### [ASSIGNMENT]
What is needed here is an exact repetition of the records below, beginning at the line that has "fun x y => exists" and stopping after the line that has "-> releq S R.".

══ MATERIAL TO PROCESS

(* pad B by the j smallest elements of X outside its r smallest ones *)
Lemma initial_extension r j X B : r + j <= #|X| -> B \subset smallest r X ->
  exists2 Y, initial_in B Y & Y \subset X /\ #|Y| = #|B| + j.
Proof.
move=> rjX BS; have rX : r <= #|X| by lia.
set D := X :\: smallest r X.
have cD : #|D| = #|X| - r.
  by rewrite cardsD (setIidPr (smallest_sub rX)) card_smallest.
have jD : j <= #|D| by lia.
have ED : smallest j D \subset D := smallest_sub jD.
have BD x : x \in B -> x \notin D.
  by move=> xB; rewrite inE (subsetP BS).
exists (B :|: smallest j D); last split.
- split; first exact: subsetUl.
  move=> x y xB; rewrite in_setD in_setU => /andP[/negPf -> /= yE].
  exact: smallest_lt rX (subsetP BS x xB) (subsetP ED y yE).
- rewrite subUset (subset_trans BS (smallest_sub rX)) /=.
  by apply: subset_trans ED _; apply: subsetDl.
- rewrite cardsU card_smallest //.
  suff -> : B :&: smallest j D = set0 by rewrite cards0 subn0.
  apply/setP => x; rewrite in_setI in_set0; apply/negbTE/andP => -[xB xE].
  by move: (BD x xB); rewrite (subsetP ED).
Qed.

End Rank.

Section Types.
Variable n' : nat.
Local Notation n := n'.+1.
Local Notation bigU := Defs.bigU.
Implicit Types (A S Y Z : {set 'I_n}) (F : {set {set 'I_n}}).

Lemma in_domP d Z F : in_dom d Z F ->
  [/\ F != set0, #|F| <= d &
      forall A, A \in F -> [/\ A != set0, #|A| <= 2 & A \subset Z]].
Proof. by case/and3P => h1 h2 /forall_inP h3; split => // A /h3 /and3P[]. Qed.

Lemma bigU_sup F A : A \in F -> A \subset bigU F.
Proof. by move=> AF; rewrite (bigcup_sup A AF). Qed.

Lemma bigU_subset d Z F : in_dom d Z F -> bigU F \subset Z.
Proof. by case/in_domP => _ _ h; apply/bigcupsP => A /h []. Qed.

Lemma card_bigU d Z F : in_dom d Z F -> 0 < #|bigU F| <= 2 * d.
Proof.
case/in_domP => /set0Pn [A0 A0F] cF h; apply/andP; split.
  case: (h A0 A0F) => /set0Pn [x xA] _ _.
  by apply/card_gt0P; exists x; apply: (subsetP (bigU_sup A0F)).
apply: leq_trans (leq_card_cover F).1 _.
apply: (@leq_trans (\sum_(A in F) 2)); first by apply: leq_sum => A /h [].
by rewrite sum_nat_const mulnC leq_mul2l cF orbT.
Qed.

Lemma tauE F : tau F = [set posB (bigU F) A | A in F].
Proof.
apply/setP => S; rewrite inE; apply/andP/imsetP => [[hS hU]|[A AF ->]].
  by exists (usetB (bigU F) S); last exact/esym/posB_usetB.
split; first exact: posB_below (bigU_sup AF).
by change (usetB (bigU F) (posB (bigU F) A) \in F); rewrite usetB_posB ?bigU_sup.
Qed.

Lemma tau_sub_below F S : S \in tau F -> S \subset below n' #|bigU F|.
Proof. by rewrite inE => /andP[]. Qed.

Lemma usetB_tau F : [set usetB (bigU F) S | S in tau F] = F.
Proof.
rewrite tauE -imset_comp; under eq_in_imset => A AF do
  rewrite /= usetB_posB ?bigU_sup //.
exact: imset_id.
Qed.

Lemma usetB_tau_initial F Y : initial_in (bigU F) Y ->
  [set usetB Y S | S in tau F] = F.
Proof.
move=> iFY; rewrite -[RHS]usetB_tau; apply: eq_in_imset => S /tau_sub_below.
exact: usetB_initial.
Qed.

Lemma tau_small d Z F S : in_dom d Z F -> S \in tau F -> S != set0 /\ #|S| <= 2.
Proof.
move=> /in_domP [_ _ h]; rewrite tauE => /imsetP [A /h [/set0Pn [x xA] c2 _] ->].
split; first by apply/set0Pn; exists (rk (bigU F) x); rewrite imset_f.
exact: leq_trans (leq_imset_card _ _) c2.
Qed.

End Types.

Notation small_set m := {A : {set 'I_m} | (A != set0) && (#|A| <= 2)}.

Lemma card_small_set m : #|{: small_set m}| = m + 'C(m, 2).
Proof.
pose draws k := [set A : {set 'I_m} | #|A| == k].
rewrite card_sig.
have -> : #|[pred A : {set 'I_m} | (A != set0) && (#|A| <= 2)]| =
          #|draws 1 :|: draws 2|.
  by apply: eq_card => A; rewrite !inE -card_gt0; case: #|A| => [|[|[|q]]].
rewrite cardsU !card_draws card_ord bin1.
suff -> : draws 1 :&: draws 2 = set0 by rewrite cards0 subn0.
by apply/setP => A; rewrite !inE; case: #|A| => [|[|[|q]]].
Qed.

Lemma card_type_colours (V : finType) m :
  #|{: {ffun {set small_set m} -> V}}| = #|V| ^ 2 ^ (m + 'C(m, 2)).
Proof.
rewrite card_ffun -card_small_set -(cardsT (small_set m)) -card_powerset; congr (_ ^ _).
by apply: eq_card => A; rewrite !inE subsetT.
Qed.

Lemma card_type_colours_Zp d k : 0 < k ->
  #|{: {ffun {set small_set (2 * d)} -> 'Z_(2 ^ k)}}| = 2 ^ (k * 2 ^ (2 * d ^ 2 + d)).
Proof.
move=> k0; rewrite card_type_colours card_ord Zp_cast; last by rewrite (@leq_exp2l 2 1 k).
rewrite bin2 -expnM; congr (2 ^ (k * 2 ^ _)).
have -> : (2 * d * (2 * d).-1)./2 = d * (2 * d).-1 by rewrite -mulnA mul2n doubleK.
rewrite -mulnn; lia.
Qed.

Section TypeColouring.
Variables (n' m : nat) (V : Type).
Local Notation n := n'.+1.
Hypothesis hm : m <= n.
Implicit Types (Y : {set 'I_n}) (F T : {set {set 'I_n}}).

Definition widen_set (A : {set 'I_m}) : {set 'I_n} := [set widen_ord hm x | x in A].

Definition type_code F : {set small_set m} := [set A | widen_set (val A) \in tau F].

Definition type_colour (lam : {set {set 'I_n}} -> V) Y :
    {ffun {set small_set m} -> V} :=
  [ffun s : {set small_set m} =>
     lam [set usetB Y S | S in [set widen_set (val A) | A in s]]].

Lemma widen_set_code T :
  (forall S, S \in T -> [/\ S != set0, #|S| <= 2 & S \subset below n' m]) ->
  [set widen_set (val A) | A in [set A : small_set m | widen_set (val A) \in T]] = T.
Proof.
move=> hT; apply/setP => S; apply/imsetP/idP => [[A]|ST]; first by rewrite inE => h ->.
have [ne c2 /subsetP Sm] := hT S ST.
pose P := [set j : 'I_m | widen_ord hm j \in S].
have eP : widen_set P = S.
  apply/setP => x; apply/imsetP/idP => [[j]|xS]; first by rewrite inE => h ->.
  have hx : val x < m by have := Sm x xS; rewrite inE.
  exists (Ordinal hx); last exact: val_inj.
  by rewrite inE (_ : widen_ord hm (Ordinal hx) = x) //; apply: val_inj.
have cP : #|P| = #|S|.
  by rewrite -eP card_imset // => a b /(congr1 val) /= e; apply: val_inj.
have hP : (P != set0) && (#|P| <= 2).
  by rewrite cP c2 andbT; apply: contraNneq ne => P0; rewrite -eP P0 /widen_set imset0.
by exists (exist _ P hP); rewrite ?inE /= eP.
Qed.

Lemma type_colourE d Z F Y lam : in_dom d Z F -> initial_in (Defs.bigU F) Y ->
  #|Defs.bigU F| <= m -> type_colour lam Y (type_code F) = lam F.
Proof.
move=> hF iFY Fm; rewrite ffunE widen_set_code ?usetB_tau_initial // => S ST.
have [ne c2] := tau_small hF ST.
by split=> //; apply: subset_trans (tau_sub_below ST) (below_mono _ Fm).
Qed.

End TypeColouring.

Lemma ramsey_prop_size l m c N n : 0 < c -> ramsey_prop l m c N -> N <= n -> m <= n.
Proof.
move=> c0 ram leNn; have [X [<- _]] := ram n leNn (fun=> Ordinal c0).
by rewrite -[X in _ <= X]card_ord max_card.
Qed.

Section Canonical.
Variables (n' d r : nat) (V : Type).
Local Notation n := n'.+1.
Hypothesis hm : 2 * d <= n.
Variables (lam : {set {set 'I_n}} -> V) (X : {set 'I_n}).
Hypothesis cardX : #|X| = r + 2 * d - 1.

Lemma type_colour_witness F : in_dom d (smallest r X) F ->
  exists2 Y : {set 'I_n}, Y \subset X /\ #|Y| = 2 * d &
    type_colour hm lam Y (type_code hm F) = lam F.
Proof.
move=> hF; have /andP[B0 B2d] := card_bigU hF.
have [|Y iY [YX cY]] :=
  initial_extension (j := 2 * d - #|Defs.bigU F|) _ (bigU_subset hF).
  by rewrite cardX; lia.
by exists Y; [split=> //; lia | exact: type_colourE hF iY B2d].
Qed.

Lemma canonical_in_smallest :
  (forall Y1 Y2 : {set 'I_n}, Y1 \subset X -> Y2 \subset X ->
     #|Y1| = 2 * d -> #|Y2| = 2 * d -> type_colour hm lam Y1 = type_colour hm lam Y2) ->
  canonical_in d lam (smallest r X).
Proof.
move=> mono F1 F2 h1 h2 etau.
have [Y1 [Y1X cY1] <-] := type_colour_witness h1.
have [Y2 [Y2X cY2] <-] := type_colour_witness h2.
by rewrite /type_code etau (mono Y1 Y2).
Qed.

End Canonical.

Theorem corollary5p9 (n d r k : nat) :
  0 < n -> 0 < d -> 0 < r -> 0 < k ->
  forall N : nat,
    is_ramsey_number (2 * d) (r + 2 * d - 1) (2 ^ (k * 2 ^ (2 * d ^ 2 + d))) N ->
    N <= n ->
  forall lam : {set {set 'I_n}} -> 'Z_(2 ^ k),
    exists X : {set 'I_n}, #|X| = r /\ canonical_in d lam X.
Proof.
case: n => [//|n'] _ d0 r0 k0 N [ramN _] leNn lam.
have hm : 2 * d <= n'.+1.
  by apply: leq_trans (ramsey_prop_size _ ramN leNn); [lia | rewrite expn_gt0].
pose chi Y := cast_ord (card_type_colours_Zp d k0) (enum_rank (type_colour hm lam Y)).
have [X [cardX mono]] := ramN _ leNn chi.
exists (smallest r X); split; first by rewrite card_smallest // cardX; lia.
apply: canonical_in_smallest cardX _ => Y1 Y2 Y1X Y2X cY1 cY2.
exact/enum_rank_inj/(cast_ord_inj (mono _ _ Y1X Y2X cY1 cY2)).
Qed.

════
══ MATERIAL TO PROCESS

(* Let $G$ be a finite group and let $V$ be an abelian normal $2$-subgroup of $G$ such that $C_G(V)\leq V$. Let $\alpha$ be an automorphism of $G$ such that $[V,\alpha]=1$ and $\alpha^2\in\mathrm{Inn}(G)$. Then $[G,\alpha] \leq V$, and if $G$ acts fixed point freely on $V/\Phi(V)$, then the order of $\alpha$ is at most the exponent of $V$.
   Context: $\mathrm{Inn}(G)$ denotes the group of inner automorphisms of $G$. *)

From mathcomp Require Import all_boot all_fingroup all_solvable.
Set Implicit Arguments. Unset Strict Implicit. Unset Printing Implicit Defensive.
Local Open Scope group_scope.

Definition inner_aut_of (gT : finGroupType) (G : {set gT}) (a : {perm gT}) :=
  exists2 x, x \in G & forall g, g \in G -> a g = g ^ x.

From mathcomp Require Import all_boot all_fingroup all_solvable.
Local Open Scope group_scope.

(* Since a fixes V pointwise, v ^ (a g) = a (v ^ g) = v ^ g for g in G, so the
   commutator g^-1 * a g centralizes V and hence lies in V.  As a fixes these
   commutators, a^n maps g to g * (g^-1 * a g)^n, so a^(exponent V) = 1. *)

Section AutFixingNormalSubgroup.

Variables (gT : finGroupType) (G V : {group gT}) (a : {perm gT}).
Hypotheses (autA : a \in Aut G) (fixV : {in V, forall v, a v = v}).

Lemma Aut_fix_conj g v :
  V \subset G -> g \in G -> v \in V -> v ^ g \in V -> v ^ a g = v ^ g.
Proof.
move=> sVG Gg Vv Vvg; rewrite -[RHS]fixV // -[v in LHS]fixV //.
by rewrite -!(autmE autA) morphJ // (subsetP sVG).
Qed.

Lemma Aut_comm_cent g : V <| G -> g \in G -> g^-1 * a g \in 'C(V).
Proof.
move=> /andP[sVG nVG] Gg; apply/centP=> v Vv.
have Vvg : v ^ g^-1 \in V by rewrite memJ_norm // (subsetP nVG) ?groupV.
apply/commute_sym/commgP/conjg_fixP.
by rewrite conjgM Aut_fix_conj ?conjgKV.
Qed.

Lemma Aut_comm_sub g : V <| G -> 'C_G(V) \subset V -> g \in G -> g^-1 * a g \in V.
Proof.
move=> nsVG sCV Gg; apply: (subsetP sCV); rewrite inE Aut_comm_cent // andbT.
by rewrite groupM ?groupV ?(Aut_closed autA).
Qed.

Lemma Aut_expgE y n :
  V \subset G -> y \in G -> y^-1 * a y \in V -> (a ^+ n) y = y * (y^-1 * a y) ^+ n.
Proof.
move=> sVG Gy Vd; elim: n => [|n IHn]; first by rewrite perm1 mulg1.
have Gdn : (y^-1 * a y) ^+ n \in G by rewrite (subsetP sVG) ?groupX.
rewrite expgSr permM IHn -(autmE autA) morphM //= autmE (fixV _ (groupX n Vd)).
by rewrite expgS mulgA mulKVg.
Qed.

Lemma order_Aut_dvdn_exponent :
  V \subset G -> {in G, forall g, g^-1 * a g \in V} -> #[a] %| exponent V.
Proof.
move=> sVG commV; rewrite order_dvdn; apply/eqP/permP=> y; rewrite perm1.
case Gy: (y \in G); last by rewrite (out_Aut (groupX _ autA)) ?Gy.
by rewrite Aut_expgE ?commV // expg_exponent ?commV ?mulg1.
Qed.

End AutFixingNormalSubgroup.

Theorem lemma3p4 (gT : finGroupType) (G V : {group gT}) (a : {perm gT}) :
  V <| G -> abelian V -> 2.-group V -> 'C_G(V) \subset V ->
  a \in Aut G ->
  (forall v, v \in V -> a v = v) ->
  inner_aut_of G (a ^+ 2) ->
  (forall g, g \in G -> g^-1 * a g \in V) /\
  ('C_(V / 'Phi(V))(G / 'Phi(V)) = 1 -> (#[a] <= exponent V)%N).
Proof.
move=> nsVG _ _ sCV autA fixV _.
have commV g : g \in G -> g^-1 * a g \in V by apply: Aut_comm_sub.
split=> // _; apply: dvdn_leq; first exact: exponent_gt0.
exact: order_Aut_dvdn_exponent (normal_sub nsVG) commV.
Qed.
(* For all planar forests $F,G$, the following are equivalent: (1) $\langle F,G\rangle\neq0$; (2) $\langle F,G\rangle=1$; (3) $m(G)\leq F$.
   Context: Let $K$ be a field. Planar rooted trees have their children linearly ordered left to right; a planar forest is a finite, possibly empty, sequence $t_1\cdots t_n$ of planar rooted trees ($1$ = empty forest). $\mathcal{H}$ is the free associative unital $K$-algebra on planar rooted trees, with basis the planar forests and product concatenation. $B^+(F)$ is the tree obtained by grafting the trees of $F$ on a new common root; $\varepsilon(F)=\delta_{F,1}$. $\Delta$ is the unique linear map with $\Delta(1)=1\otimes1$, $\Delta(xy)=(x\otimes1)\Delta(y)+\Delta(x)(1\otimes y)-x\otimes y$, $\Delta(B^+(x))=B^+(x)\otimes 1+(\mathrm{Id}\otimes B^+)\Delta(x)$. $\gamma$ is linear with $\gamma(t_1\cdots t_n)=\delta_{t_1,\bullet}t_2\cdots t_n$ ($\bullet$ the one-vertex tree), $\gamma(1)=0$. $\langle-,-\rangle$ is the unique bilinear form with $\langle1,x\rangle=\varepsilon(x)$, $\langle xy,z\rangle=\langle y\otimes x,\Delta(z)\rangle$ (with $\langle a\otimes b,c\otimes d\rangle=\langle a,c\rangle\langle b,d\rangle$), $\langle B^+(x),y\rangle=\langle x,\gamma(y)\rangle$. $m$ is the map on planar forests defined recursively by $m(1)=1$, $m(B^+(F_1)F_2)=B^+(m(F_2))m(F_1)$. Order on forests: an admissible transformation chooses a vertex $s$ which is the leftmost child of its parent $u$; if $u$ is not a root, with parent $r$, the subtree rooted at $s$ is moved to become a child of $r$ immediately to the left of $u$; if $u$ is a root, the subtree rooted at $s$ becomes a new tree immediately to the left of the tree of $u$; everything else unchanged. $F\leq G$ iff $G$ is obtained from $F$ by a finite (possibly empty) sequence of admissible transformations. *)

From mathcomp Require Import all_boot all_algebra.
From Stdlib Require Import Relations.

════
══ MATERIAL TO PROCESS

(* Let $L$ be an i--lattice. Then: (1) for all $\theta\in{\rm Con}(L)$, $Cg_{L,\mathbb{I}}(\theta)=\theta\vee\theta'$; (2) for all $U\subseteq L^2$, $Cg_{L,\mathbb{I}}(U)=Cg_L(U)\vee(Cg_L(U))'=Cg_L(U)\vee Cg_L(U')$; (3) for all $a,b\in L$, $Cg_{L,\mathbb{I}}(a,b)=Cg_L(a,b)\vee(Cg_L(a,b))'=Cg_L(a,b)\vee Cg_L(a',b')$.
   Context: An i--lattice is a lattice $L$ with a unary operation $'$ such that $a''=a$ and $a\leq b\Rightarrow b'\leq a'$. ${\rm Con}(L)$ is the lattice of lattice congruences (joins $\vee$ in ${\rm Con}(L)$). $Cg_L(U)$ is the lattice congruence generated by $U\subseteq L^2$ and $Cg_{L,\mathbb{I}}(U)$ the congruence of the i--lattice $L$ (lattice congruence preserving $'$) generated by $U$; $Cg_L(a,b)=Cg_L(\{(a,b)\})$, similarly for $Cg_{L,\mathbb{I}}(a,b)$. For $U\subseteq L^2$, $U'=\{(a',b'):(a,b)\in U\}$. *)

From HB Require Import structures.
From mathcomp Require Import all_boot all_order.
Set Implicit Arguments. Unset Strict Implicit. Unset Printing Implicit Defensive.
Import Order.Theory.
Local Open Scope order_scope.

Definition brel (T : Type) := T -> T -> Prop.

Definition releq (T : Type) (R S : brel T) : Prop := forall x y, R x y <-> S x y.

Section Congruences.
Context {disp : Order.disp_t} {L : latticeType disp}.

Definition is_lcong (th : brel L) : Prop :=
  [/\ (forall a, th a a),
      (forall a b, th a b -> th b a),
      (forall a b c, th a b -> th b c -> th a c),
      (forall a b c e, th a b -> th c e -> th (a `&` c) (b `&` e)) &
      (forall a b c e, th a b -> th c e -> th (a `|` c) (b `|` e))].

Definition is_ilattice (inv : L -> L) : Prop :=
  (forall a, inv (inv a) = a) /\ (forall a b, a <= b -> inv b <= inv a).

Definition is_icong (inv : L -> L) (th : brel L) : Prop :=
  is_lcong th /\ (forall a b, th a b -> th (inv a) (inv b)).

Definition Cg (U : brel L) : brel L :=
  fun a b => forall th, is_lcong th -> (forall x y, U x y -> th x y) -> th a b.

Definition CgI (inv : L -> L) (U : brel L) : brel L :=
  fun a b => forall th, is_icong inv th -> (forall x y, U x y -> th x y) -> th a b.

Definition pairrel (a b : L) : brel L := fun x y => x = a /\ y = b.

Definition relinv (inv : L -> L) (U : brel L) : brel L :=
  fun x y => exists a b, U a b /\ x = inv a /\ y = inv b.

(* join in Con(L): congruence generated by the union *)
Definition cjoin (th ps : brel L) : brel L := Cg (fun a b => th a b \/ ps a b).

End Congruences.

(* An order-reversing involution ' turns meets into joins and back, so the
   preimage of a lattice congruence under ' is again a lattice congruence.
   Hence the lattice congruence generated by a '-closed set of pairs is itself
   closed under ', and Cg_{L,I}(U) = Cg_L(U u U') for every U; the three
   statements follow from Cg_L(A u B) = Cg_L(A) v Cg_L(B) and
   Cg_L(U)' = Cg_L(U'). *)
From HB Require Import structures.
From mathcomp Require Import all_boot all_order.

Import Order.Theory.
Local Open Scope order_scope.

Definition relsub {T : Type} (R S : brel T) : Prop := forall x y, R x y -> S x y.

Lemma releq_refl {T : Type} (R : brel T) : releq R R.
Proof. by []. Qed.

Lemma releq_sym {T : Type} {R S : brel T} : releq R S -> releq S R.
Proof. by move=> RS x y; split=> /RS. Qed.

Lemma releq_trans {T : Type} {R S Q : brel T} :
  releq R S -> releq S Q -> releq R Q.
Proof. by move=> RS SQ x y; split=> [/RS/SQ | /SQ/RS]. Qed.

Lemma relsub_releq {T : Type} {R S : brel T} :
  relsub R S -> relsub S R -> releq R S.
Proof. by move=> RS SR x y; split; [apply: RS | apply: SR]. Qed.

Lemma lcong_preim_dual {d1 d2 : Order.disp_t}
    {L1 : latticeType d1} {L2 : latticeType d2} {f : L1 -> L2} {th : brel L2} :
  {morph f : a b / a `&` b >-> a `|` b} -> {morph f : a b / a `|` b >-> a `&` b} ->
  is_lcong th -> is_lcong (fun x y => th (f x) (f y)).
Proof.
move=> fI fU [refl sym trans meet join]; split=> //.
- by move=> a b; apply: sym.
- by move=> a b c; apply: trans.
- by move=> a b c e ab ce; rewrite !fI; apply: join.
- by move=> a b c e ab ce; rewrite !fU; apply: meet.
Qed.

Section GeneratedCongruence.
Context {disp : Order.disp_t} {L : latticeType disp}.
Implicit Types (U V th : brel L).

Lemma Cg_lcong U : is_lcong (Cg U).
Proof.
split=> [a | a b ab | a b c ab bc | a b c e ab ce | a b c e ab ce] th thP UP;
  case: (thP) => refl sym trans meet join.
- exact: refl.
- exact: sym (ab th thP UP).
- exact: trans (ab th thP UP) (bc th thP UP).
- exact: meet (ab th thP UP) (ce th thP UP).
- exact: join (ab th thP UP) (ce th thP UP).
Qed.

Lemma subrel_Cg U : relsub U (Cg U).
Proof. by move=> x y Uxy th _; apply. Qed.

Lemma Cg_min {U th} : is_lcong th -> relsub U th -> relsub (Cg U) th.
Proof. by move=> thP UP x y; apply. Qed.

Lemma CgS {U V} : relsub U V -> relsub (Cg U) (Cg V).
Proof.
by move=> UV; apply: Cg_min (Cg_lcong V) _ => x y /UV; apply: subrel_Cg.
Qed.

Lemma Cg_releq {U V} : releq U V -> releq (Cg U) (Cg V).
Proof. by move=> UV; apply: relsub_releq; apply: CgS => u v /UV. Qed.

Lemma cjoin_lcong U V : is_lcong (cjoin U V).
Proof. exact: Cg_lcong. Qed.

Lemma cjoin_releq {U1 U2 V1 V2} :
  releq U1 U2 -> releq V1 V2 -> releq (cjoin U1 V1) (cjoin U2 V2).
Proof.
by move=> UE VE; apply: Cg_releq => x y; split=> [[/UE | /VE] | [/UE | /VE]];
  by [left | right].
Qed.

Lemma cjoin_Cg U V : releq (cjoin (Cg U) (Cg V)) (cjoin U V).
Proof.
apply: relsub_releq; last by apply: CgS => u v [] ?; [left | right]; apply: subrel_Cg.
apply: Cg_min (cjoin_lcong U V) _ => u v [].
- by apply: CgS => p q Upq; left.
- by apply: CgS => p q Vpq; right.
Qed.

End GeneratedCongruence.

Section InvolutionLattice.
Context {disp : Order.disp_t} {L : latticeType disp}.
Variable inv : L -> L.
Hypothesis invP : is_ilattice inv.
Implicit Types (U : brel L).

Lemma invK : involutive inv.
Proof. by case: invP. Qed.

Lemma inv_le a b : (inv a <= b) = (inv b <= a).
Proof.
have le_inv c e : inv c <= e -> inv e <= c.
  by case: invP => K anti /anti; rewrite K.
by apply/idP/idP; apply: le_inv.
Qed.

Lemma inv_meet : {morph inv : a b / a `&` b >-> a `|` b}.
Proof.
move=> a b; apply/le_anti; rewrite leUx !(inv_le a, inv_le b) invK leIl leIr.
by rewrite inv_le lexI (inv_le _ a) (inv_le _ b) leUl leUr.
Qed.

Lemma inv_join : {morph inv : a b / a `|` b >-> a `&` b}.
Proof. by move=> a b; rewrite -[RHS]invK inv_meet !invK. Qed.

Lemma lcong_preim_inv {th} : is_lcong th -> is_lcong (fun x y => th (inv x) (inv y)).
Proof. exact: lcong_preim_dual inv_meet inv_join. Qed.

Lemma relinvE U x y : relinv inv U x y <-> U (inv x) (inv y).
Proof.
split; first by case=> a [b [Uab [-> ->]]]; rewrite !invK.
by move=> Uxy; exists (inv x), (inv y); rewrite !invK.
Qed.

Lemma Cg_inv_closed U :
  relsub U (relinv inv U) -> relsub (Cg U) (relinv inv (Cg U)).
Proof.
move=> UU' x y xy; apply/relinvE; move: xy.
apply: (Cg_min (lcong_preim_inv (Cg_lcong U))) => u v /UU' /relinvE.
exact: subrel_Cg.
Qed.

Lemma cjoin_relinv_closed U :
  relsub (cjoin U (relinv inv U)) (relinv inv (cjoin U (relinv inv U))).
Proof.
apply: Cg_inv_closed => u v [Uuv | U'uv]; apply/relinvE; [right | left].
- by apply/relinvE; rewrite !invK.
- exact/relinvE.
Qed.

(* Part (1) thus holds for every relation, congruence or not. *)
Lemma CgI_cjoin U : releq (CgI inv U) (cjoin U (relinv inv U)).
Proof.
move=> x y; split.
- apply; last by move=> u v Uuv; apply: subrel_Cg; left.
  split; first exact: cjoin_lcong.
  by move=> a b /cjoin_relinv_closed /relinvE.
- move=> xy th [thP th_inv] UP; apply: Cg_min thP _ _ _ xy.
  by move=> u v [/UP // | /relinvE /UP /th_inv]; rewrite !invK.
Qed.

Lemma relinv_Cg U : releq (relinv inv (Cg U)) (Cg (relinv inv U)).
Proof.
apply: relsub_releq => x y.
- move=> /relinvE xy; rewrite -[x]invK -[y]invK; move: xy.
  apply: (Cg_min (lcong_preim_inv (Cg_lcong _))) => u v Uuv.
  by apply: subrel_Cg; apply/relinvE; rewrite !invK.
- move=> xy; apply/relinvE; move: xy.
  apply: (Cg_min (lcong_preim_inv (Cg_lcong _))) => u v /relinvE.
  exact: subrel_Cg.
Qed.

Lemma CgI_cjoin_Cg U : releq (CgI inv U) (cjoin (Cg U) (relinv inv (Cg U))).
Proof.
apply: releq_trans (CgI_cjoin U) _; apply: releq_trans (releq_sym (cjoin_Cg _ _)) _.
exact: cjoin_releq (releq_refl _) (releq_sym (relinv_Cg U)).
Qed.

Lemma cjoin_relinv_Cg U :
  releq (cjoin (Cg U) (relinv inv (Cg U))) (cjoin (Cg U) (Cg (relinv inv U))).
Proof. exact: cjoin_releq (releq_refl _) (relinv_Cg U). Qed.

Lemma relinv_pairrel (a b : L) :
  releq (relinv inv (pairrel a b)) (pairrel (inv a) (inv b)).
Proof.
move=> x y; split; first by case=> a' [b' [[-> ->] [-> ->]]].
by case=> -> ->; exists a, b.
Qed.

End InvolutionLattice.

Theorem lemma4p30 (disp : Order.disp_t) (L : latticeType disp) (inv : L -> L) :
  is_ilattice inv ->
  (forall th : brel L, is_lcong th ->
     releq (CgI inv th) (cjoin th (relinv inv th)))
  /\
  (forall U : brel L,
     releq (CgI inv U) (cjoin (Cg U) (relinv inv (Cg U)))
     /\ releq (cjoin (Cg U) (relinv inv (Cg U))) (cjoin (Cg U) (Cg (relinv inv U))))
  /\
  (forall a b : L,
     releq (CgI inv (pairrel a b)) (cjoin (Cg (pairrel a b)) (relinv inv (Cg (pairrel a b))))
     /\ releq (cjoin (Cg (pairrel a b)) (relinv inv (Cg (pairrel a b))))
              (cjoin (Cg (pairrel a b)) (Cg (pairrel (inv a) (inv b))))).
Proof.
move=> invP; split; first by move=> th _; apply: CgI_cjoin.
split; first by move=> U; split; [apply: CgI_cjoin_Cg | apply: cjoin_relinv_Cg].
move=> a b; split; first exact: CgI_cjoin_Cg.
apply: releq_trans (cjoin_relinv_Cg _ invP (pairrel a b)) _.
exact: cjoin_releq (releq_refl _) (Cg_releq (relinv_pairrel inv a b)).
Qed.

════

### [REPLY TO THE EXERCISE]
  fun x y => exists a b, U a b /\ x = inv a /\ y = inv b.

(* join in Con(L): congruence generated by the union *)
Definition cjoin (th ps : brel L) : brel L := Cg (fun a b => th a b \/ ps a b).

End Congruences.

(* An order-reversing involution ' turns meets into joins and back, so the
   preimage of a lattice congruence under ' is again a lattice congruence.
   Hence the lattice congruence generated by a '-closed set of pairs is itself
   closed under ', and Cg_{L,I}(U) = Cg_L(U u U') for every U; the three
   statements follow from Cg_L(A u B) = Cg_L(A) v Cg_L(B) and
   Cg_L(U)' = Cg_L(U'). *)
From HB Require Import structures.
From mathcomp Require Import all_boot all_order.

Import Order.Theory.
Local Open Scope order_scope.

Definition relsub {T : Type} (R S : brel T) : Prop := forall x y, R x y -> S x y.

Lemma releq_refl {T : Type} (R : brel T) : releq R R.
Proof. by []. Qed.

Lemma releq_sym {T : Type} {R S : brel T} : releq R S -> releq S R.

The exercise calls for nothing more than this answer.